**Activity**
Of all the entries below, retype only the lines from the one with "Definition is_hom (A" through the one with "kernel of [lambda]", exactly as they appear.
[[ Entries shown, beginning ]]
Lemma minor_via_base_in (e a b c : T) : triad M [set a; b; c] ->
  e \in C -> e != c -> a \in D -> b \in D -> c \in C :|: D ->
  exists C' D', [/\ minor_via C' D', e \in C', a \in C', b \in D' &
    forall z, z \notin [set a; c] -> (z \in D') = (z \in D)].
Proof.
move=> triT eC ec aD bD cCD.
have := triangle_in_uniq triT; rewrite /= !inE negb_or => /and3P[/andP[ab ac] bc _].
have sH (S W : {set T}) : W \subset ground N -> S \subset C -> c \notin S ->
    W :|: S \subset E :\: [set a; b; c].
  move=> sW sSC cS; apply/subsetP=> x xWS; rewrite inE.
  rewrite (subsetP (subset_trans (setUS _ sSC) (minor_via_sub sW)) x xWS) andbT.
  apply/negP=> xabc; have xCD : x \in C :|: D.
    by case/setUP: xabc => [/set2P[]|/set1P] ->; rewrite // inE ?aD ?bD orbT.
  have xS : x \in S by case/setUP: xWS => // xW; move: (minor_via_notin sW xCD); rewrite xW.
  have /minor_via_disj xD := subsetP sSC x xS.
  by case/setUP: xabc => [/set2P[]|/set1P] xabc; move: aD bD cS; rewrite -xabc ?xD ?xS.
have cT : c \in [set a; b; c] by rewrite !inE eqxx orbT.
have aT : a \in [set a; b; c] by rewrite !inE eqxx.
have bC : b \in D :\ a by rewrite !inE eq_sym ab.
case/setUP: cCD => [cC|cD].
  exists (a |: C :\ c), (c |: D :\ a); split.
  - apply: minor_via_exchange => // W sW.
    have sWC := sH _ W sW (subsetDl C [set c]) (negbT (setD11 c C)).
    have -> : W :|: C = c |: (W :|: C :\ c) by rewrite setUCA setD1K.
    by rewrite setUCA !(triad_indep triT).
  - by rewrite !inE ec eC orbT.
  - exact: setU11.
  - by rewrite inE bC orbT.
  - by move=> z; rewrite !inE => /norP[/negbTE -> /negbTE ->].
have cC : c \notin C by apply: contraL cD => /minor_via_disj ->.
exists (a |: C), (D :\ a); split.
- apply: minor_via_contract => // W sW.
  by rewrite setUCA (triad_indep triT) // sH.
- by rewrite !inE eC orbT.
- exact: setU11.
- exact: bC.
by move=> z; rewrite !inE => /norP[/negbTE ->].
Qed.
(* Let $L$ be a finite-dimensional Lie superalgebra, let $(K,\lambda)\in C(L)$, let $M$ be any Lie superalgebra and $\sigma\in\mathrm{Hom}(M,L)$ surjective. If $\tau\in\mathrm{Hom}(M,K)$ satisfies $\lambda\circ\tau=\sigma$, then $\tau$ is surjective.
   Context: Lie superalgebras over a field of characteristic $\neq 2,3$; $\mathrm{Hom}(A,B)$ denotes Lie superalgebra homomorphisms (even, bracket-preserving). $Z(K)$ is the center, $K'=[K,K]$. $C(L)$ is the class of pairs $(K,\lambda)$, $K$ a Lie superalgebra, $\lambda\in\mathrm{Hom}(K,L)$ surjective with $\mathrm{Ker}(\lambda)\subseteq K'\cap Z(K)$. *)

From HB Require Import structures.
From mathcomp Require Import all_boot all_order all_algebra.
Set Implicit Arguments.
Unset Strict Implicit.
Unset Printing Implicit Defensive.
Import GRing.Theory.
Local Open Scope ring_scope.

Section LieSuper.
Variable F : fieldType.

(* Axioms of a Lie superalgebra on the F-vector space V with homogeneous
   components par false (= V_0, even) and par true (= V_1, odd), and bracket br. *)
Definition lie_super_axioms (V : lmodType F) (par : bool -> {pred V})
    (br : V -> V -> V) : Prop :=
  [/\
      (forall i, 0 \in par i /\
         forall (a : F) x y, x \in par i -> y \in par i -> a *: x + y \in par i),
      (forall v, exists x0 x1, [/\ x0 \in par false, x1 \in par true & v = x0 + x1]),
      (forall v, v \in par false -> v \in par true -> v = 0),
      (forall (a : F) x y z, br (a *: x + y) z = a *: br x z + br y z)
    & [/\ (forall (a : F) x y z, br z (a *: x + y) = a *: br z x + br z y),
      (forall i j x y, x \in par i -> y \in par j -> br x y \in par (i (+) j)),
      (forall i j x y, x \in par i -> y \in par j ->
         br x y = - (((-1) ^+ (i && j) : F) *: br y x))
    &
      (forall i j k x y z, x \in par i -> y \in par j -> z \in par k ->
         ((-1) ^+ (i && k) : F) *: br x (br y z)
       + ((-1) ^+ (j && i) : F) *: br y (br z x)
       + ((-1) ^+ (k && j) : F) *: br z (br x y) = 0)]].

Record lieSuper := LieSuper {
  ls_carrier :> lmodType F;
  ls_par : bool -> {pred ls_carrier};
  ls_br : ls_carrier -> ls_carrier -> ls_carrier;
  ls_ax : lie_super_axioms ls_par ls_br }.

Definition is_hom (A B : lieSuper) (f : A -> B) : Prop :=
  [/\ (forall (a : F) x y, f (a *: x + y) = a *: f x + f y),
      (forall i x, x \in @ls_par A i -> f x \in @ls_par B i)
    & (forall x y, f (@ls_br A x y) = @ls_br B (f x) (f y))].

Definition surj (A B : Type) (f : A -> B) : Prop := forall y, exists x, f x = y.

Definition in_center (K : lieSuper) (z : K) : Prop := forall x : K, @ls_br K z x = 0.

Definition in_derived (K : lieSuper) (z : K) : Prop :=
  exists s : seq (F * K * K), z = \sum_(p <- s) p.1.1 *: @ls_br K p.1.2 p.2.

Definition finite_dim (V : lmodType F) : Prop :=
  exists s : seq V, forall v, exists c : seq F,
    v = \sum_(i < size s) c`_i *: s`_i.

Definition in_C (L K : lieSuper) (lambda : K -> L) : Prop :=
  [/\ is_hom lambda, surj lambda
    & forall z : K, lambda z = 0 -> in_derived z /\ in_center z].

End LieSuper.

(** Since [lambda \o tau = sigma] is onto, [K = im tau + ker lambda]. The
    kernel of [lambda] is central, so every bracket of [K] is a bracket of
    elements of [im tau], whence [K' <= im tau]; as also [ker lambda <= K'],
    [tau] is onto. Centrality is needed on both sides of the bracket, while
    [in_center] only states it on the left: super skew-symmetry on the
    homogeneous components supplies the right side. *)
From HB Require Import structures.
From mathcomp Require Import all_boot all_order all_algebra.
Set Implicit Arguments.
Unset Strict Implicit.
Unset Printing Implicit Defensive.
Import GRing.Theory.
Local Open Scope ring_scope.

Section LinearFun.
Variables (F : fieldType) (U V : lmodType F) (f : U -> V).
Hypothesis f_linear : linear f.

Let fL : {linear U -> V} := HB.pack f (GRing.isLinear.Build F U V *:%R f f_linear).

Lemma lin_fun0 : f 0 = 0. Proof. exact: raddf0 fL. Qed.
Lemma lin_funD : {morph f : x y / x + y}. Proof. exact: raddfD fL. Qed.
Lemma lin_funB : {morph f : x y / x - y}. Proof. exact: raddfB fL. Qed.
Lemma lin_funZ a : {morph f : x / a *: x}. Proof. exact: (linearZZ fL a). Qed.

End LinearFun.

Section LieSuperFacts.
Variables (F : fieldType) (K : lieSuper F).
Implicit Types (x y z : K) (i j : bool).
Local Notation par := (@ls_par F K).
Local Notation br := (@ls_br F K).

Lemma ls_brDl z : {morph br^~ z : x y / x + y}.
Proof.
case: (ls_ax K) => _ _ _ br_linl _.
by apply: lin_funD => a x y; apply: br_linl.
Qed.

Lemma ls_brDr z : {morph br z : x y / x + y}.
Proof.
case: (ls_ax K) => _ _ _ _ [br_linr _ _ _].
by apply: lin_funD => a x y; apply: br_linr.
Qed.

Lemma ls_parN i x : x \in par i -> - x \in par i.
Proof.
case: (ls_ax K) => par_sub _ _ _ _; have [par0 parZD] := par_sub i.
by move=> xi; rewrite -scaleN1r -[_ *: x]addr0 parZD.
Qed.

Lemma ls_par_sum_eq0 i x y :
  x \in par i -> y \in par (~~ i) -> x + y = 0 -> x = 0.
Proof.
case: (ls_ax K) => _ _ par_direct _ _ xi yNi /eqP; rewrite addr_eq0 => /eqP ex.
have xNi : x \in par (~~ i) by rewrite ex ls_parN.
by case: i {yNi} xi xNi => xi xNi; apply: par_direct.
Qed.

Lemma ls_br_skew_eq0 i j x y :
  x \in par i -> y \in par j -> br y x = 0 -> br x y = 0.
Proof.
case: (ls_ax K) => _ _ _ _ [_ _ br_skew _] xi yj yx0.
by rewrite (br_skew _ _ _ _ xi yj) yx0 scaler0 oppr0.
Qed.

Lemma in_center_brr z x : in_center z -> br x z = 0.
Proof.
case: (ls_ax K) => _ par_decomp _ _ [_ br_even _ _] z_central.
have [z0 [z1 [z0_even z1_odd ez]]] := par_decomp z.
have [x0 [x1 [x0_even x1_odd ->]]] := par_decomp x.
suff homog i xi : xi \in par i -> br xi z = 0.
  by rewrite ls_brDl (homog _ _ x0_even) (homog _ _ x1_odd) addr0.
move=> xi_par; have := z_central xi; rewrite ez ls_brDl => zx0.
have z0x_par : br z0 xi \in par i by have := br_even _ _ _ _ z0_even xi_par.
have z1x_par : br z1 xi \in par (~~ i) by have := br_even _ _ _ _ z1_odd xi_par.
have z0x0 := ls_par_sum_eq0 z0x_par z1x_par zx0.
have z1x0 : br z1 xi = 0 by move: zx0; rewrite z0x0 add0r.
rewrite ls_brDr (ls_br_skew_eq0 xi_par z0_even z0x0).
by rewrite (ls_br_skew_eq0 xi_par z1_odd z1x0) addr0.
Qed.

End LieSuperFacts.

Definition in_image (A B : Type) (f : A -> B) (b : B) : Prop := exists a, f a = b.

Section ImageModuloCenter.
Variables (F : fieldType) (M K : lieSuper F) (tau : M -> K).
Hypotheses (tau_linear : linear tau) (tau_br : {morph tau : x y / ls_br x y}).
Hypothesis tau_cover : forall k : K, exists m, in_center (k - tau m).

Lemma br_in_image (x y : K) : in_image tau (ls_br x y).
Proof.
have [a xa_central] := tau_cover x; have [b yb_central] := tau_cover y.
exists (ls_br a b); rewrite tau_br.
rewrite -[x](subrK (tau a)) -[y](subrK (tau b)) ls_brDl xa_central add0r.
by rewrite ls_brDr (in_center_brr _ yb_central) add0r.
Qed.

Lemma derived_in_image (z : K) : in_derived z -> in_image tau z.
Proof.
move=> [s ->]; elim: s => [|[[c x] y] s [m tau_m]].
  by exists 0; rewrite big_nil lin_fun0.
have [m' tau_m'] := br_in_image x y.
by exists (c *: m' + m); rewrite big_cons lin_funD // lin_funZ // tau_m tau_m'.
Qed.

End ImageModuloCenter.

Theorem lemma4p2 (F : fieldType)
  (hF : (2 \notin [pchar F])%N /\ (3 \notin [pchar F])%N)
  (L K M : lieSuper F) (lambda : K -> L) (sigma : M -> L) (tau : M -> K) :
  finite_dim L ->
  in_C lambda ->
  is_hom sigma -> surj sigma ->
  is_hom tau ->
  (forall m : M, lambda (tau m) = sigma m) ->
  surj tau.
Proof.
move=> _ [[lambda_linear _ _] _ ker_lambda] _ sigma_surj [tau_linear _ tau_br].
move=> lambda_tau.
have ker_cover k : exists m, lambda (k - tau m) = 0.
  have [m sigma_m] := sigma_surj (lambda k).
  by exists m; rewrite lin_funB // lambda_tau sigma_m subrr.
have tau_cover k : exists m, in_center (k - tau m).
  by have [m /ker_lambda[_ ?]] := ker_cover k; exists m.
move=> k; have [m /ker_lambda[k_derived _]] := ker_cover k.
have [m' tau_m'] := derived_in_image tau_linear tau_br tau_cover k_derived.
by exists (m + m'); rewrite lin_funD // tau_m' addrC subrK.
Qed.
[[ Entries shown, end ]]
**Output for this task**
Definition is_hom (A B : lieSuper) (f : A -> B) : Prop :=
  [/\ (forall (a : F) x y, f (a *: x + y) = a *: f x + f y),
      (forall i x, x \in @ls_par A i -> f x \in @ls_par B i)
    & (forall x y, f (@ls_br A x y) = @ls_br B (f x) (f y))].

Definition surj (A B : Type) (f : A -> B) : Prop := forall y, exists x, f x = y.

Definition in_center (K : lieSuper) (z : K) : Prop := forall x : K, @ls_br K z x = 0.

Definition in_derived (K : lieSuper) (z : K) : Prop :=
  exists s : seq (F * K * K), z = \sum_(p <- s) p.1.1 *: @ls_br K p.1.2 p.2.

Definition finite_dim (V : lmodType F) : Prop :=
  exists s : seq V, forall v, exists c : seq F,
    v = \sum_(i < size s) c`_i *: s`_i.

Definition in_C (L K : lieSuper) (lambda : K -> L) : Prop :=
  [/\ is_hom lambda, surj lambda
    & forall z : K, lambda z = 0 -> in_derived z /\ in_center z].

End LieSuper.

(** Since [lambda \o tau = sigma] is onto, [K = im tau + ker lambda]. The
    kernel of [lambda] is central, so every bracket of [K] is a bracket of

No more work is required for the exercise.